=== Work item ===
Going down the data below, set down exactly the line with "Proof. apply derivable_pt_lim_mult. Qed." and each line after it through the line with "Proof. apply derivable_pt_lim_opp. Qed."; no other lines.

Supplied data below:

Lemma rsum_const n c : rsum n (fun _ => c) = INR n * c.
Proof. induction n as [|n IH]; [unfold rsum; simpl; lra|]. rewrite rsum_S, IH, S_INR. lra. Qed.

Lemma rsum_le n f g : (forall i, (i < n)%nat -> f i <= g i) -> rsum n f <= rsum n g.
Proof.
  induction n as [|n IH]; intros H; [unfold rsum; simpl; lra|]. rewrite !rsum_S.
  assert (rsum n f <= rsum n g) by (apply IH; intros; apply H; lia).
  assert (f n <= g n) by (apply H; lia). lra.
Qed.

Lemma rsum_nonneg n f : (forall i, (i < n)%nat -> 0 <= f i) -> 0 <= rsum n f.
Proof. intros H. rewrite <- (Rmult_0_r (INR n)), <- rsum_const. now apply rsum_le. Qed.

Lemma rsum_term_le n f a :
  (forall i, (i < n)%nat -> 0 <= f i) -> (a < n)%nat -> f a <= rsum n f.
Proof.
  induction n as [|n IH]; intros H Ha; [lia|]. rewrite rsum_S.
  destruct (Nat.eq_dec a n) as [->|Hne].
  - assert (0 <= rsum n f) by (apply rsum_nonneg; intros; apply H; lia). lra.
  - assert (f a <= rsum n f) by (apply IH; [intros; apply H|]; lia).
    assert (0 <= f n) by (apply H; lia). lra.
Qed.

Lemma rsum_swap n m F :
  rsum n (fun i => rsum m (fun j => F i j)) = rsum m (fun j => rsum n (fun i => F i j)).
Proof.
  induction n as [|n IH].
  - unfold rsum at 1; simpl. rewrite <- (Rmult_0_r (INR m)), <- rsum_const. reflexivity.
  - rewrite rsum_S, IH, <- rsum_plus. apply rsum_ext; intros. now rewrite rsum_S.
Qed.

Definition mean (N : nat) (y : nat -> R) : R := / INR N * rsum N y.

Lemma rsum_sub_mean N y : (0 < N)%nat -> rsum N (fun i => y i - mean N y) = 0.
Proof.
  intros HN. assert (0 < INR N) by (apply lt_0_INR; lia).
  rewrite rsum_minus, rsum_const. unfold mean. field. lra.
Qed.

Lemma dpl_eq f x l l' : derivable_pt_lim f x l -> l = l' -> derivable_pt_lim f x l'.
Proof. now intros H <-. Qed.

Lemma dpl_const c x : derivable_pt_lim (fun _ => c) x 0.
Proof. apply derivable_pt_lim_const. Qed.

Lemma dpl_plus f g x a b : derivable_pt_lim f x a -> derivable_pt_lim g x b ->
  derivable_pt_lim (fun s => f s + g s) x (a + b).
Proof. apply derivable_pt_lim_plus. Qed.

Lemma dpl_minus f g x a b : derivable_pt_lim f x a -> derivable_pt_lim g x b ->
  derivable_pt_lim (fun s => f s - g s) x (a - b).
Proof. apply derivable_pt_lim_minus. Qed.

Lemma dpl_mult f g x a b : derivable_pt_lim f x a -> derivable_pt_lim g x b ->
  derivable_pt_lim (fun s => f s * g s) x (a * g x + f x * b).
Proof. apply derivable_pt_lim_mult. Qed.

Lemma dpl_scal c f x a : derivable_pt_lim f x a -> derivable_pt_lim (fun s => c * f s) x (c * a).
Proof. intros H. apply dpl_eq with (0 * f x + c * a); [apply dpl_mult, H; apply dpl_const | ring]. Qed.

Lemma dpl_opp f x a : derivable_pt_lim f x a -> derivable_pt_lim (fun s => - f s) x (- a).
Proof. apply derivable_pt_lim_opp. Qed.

End of Supplied data.
Supplied data below:

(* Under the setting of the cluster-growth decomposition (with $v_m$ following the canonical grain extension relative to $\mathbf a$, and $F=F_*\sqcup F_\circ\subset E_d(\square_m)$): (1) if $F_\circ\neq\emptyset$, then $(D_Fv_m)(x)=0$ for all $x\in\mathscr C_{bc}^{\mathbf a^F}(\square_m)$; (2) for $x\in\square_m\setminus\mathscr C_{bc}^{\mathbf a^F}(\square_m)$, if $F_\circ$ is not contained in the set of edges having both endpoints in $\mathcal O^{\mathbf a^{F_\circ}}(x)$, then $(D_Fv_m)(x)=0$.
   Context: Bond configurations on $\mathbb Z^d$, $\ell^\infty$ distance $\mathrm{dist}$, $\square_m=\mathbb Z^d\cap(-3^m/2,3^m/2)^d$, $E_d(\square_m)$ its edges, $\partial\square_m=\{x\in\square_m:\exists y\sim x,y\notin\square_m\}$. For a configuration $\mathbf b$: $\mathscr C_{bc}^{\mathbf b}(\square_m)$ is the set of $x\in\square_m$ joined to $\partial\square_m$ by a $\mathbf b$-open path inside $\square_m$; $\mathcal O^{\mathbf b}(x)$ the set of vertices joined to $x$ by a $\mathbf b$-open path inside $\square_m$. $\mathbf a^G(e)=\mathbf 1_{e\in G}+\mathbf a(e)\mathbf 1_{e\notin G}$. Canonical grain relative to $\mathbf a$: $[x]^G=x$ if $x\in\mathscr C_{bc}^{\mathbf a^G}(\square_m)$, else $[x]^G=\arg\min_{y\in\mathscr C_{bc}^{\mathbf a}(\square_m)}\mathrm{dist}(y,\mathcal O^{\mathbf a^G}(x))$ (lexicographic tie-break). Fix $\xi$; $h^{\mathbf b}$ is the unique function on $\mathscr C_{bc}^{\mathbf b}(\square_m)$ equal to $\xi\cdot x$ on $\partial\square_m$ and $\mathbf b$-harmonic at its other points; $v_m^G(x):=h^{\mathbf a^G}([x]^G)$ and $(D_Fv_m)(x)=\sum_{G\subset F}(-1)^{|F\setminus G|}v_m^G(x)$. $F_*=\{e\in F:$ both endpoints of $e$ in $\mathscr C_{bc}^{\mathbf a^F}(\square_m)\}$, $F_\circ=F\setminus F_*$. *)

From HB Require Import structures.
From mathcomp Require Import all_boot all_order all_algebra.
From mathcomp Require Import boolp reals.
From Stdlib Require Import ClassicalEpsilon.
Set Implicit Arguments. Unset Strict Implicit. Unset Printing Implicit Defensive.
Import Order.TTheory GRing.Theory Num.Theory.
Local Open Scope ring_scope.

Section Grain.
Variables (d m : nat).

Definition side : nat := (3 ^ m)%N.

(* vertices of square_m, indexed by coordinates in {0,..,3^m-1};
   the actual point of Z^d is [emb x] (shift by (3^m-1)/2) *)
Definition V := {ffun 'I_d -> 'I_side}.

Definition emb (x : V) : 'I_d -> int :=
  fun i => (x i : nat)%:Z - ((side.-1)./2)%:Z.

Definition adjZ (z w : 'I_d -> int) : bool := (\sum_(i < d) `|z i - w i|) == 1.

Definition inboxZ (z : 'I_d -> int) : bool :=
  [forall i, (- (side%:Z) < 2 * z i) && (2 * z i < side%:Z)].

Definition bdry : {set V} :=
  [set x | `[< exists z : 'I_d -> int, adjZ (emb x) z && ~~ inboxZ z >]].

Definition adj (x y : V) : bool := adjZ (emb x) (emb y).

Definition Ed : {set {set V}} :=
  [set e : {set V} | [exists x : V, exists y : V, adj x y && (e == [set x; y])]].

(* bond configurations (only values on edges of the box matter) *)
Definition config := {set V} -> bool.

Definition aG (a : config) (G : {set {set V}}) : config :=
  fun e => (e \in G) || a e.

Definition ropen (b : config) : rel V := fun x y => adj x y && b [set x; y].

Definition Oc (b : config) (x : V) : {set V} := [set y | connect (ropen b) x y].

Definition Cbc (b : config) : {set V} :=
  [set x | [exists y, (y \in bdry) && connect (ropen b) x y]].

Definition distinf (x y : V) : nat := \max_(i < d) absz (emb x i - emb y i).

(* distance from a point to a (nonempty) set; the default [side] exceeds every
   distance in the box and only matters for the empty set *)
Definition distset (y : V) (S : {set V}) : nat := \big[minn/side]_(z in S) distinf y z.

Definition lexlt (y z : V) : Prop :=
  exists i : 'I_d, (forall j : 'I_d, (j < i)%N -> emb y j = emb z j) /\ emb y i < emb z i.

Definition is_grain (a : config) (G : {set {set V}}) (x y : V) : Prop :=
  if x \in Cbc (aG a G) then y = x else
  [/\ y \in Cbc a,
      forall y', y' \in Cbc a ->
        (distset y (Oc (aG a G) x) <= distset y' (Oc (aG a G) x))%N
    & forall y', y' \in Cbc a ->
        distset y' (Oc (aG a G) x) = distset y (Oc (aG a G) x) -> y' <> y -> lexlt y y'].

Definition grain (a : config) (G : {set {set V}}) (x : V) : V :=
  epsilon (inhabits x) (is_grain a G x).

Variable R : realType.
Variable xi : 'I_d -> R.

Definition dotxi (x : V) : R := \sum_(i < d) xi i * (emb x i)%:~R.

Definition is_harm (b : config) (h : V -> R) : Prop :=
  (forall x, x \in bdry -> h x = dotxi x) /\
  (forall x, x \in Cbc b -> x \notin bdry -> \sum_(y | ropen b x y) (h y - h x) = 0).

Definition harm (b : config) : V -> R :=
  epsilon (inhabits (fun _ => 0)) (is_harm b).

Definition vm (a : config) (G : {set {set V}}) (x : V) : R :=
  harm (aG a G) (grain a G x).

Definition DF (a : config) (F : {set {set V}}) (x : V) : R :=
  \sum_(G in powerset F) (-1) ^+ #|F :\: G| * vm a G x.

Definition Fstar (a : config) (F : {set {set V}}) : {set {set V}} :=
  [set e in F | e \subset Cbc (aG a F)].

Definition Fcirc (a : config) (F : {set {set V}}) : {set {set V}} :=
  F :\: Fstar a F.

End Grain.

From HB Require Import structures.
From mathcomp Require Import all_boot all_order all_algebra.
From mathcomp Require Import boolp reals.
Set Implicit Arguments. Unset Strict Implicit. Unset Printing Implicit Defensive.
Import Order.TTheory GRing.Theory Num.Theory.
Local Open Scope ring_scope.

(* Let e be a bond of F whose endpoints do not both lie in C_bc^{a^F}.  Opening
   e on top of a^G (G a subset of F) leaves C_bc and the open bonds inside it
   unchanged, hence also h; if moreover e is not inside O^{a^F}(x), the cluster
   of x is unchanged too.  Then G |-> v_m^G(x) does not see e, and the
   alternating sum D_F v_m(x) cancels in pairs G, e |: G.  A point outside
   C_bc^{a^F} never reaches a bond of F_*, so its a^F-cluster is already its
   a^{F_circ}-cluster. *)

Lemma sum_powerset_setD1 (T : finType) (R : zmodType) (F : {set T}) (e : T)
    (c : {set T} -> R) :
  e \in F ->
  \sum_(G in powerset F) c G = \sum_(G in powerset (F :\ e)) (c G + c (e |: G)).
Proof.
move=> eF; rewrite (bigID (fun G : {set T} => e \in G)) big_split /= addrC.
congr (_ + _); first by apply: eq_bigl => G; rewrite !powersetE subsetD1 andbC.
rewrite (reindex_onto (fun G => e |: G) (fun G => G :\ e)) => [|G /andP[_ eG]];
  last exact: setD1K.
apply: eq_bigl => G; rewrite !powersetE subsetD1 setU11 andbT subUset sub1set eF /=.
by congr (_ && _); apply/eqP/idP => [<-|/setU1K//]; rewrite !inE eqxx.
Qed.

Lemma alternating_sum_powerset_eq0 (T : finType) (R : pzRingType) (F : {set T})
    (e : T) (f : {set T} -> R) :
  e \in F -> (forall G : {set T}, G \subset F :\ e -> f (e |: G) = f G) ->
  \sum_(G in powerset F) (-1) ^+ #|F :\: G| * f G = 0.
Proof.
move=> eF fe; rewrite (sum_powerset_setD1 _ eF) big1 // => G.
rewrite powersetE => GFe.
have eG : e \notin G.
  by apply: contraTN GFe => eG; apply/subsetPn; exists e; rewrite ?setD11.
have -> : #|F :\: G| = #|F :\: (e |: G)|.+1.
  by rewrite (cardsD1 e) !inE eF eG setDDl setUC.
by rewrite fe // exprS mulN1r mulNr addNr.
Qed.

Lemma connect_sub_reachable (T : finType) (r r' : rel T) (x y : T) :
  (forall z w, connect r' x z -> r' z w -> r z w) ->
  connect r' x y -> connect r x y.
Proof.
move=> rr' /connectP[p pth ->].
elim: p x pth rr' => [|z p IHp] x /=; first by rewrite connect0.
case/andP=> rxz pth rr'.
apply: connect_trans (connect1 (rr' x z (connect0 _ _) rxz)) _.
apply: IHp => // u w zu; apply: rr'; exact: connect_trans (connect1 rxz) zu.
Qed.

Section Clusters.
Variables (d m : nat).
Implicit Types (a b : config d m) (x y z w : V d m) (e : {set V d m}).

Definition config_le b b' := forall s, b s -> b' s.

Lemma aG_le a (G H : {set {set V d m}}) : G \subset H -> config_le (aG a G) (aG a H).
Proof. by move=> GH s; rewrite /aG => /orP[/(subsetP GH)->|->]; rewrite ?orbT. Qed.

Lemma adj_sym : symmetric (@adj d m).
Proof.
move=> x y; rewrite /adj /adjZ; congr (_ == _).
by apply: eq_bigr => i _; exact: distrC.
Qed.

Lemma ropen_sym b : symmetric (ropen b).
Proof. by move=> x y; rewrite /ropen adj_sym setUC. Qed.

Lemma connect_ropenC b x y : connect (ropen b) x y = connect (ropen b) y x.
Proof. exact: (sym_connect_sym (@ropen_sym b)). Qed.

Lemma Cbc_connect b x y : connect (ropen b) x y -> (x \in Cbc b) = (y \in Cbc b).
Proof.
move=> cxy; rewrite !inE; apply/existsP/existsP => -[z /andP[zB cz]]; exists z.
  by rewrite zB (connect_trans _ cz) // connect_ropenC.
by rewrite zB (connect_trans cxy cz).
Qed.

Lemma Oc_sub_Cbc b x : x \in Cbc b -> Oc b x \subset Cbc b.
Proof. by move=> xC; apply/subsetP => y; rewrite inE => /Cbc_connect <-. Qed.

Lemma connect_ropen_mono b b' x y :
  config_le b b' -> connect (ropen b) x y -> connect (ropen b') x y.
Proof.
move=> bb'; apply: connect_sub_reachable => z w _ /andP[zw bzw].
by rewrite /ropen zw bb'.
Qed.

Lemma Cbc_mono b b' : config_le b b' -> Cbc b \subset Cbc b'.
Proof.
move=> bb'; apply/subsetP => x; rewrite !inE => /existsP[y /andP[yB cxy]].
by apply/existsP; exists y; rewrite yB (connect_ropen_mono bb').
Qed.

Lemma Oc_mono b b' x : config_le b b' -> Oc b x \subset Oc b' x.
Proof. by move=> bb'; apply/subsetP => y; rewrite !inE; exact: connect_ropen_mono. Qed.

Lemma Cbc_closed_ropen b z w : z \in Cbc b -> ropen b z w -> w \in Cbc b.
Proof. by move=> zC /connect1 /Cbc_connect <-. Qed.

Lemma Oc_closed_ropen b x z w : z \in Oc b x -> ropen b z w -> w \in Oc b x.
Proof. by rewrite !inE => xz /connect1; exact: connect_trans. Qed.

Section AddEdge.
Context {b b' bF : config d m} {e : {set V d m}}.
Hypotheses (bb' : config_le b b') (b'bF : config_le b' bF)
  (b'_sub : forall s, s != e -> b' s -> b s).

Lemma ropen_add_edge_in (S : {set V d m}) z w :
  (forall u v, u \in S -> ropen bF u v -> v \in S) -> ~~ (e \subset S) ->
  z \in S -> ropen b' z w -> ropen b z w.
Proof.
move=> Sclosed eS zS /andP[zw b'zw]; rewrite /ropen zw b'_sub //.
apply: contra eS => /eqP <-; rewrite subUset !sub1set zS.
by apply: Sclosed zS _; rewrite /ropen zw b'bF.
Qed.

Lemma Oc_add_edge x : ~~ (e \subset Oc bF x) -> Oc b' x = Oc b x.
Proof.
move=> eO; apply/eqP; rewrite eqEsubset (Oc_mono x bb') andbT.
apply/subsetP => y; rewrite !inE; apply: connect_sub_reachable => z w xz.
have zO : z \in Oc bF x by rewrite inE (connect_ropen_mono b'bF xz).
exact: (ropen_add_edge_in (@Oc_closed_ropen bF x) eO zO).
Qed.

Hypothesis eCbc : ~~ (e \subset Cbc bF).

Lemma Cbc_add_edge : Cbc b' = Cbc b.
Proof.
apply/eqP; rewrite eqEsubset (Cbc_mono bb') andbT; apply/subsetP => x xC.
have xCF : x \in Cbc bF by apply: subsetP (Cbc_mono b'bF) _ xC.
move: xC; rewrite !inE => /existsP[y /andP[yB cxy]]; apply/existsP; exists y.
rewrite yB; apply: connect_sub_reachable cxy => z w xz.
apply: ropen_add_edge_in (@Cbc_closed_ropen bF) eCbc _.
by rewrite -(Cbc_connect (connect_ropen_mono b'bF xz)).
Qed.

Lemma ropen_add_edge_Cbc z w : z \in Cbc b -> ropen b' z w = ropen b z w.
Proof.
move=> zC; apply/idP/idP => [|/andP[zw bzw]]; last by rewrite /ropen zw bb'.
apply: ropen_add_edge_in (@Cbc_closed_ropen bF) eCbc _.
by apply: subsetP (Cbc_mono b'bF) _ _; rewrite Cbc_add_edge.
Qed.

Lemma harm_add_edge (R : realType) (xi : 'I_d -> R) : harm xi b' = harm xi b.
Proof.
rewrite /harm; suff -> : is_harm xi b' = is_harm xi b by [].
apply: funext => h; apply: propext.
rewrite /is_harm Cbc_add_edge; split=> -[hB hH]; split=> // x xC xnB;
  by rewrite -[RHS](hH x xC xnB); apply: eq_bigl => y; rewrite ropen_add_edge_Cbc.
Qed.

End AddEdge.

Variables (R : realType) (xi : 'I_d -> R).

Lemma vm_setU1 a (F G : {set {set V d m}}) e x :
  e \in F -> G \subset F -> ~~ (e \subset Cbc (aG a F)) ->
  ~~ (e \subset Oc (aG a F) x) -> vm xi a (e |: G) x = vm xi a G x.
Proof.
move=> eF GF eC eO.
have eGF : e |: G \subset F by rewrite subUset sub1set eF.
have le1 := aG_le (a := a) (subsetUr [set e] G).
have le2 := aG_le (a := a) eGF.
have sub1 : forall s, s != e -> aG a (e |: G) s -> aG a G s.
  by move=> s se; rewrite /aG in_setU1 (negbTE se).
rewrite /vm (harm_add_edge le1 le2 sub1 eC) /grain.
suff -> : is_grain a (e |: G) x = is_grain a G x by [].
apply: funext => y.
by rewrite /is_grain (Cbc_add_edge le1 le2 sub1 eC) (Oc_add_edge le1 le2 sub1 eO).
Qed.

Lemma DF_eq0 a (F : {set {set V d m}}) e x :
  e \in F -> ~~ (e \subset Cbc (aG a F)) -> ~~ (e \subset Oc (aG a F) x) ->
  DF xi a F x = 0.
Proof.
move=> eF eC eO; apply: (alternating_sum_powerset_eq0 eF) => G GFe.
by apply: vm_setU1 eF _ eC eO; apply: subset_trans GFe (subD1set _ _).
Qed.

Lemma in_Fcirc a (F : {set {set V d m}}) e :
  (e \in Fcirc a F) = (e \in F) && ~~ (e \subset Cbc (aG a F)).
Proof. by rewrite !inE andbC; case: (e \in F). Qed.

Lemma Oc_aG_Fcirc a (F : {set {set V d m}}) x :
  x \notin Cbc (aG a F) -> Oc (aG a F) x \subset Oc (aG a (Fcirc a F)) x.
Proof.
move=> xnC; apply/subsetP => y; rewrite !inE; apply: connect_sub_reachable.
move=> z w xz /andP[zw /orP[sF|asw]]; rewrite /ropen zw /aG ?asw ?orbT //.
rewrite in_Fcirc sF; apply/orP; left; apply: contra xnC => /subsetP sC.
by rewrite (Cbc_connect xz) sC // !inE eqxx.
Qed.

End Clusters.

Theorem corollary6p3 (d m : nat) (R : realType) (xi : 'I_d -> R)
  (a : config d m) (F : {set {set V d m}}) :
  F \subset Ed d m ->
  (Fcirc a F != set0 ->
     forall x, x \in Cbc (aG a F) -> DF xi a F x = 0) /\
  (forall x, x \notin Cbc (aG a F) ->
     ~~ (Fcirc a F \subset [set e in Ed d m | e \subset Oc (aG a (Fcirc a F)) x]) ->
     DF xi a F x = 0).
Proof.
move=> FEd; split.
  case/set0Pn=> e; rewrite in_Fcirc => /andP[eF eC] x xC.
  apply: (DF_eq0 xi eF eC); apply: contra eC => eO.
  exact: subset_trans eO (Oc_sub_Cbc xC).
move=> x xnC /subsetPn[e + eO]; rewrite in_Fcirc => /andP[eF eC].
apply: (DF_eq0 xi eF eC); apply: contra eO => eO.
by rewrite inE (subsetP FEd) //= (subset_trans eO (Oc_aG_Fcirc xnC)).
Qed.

End of Supplied data.

=== Output of the task ===
Proof. apply derivable_pt_lim_mult. Qed.

Lemma dpl_scal c f x a : derivable_pt_lim f x a -> derivable_pt_lim (fun s => c * f s) x (c * a).
Proof. intros H. apply dpl_eq with (0 * f x + c * a); [apply dpl_mult, H; apply dpl_const | ring]. Qed.

Lemma dpl_opp f x a : derivable_pt_lim f x a -> derivable_pt_lim (fun s => - f s) x (- a).
Proof. apply derivable_pt_lim_opp. Qed.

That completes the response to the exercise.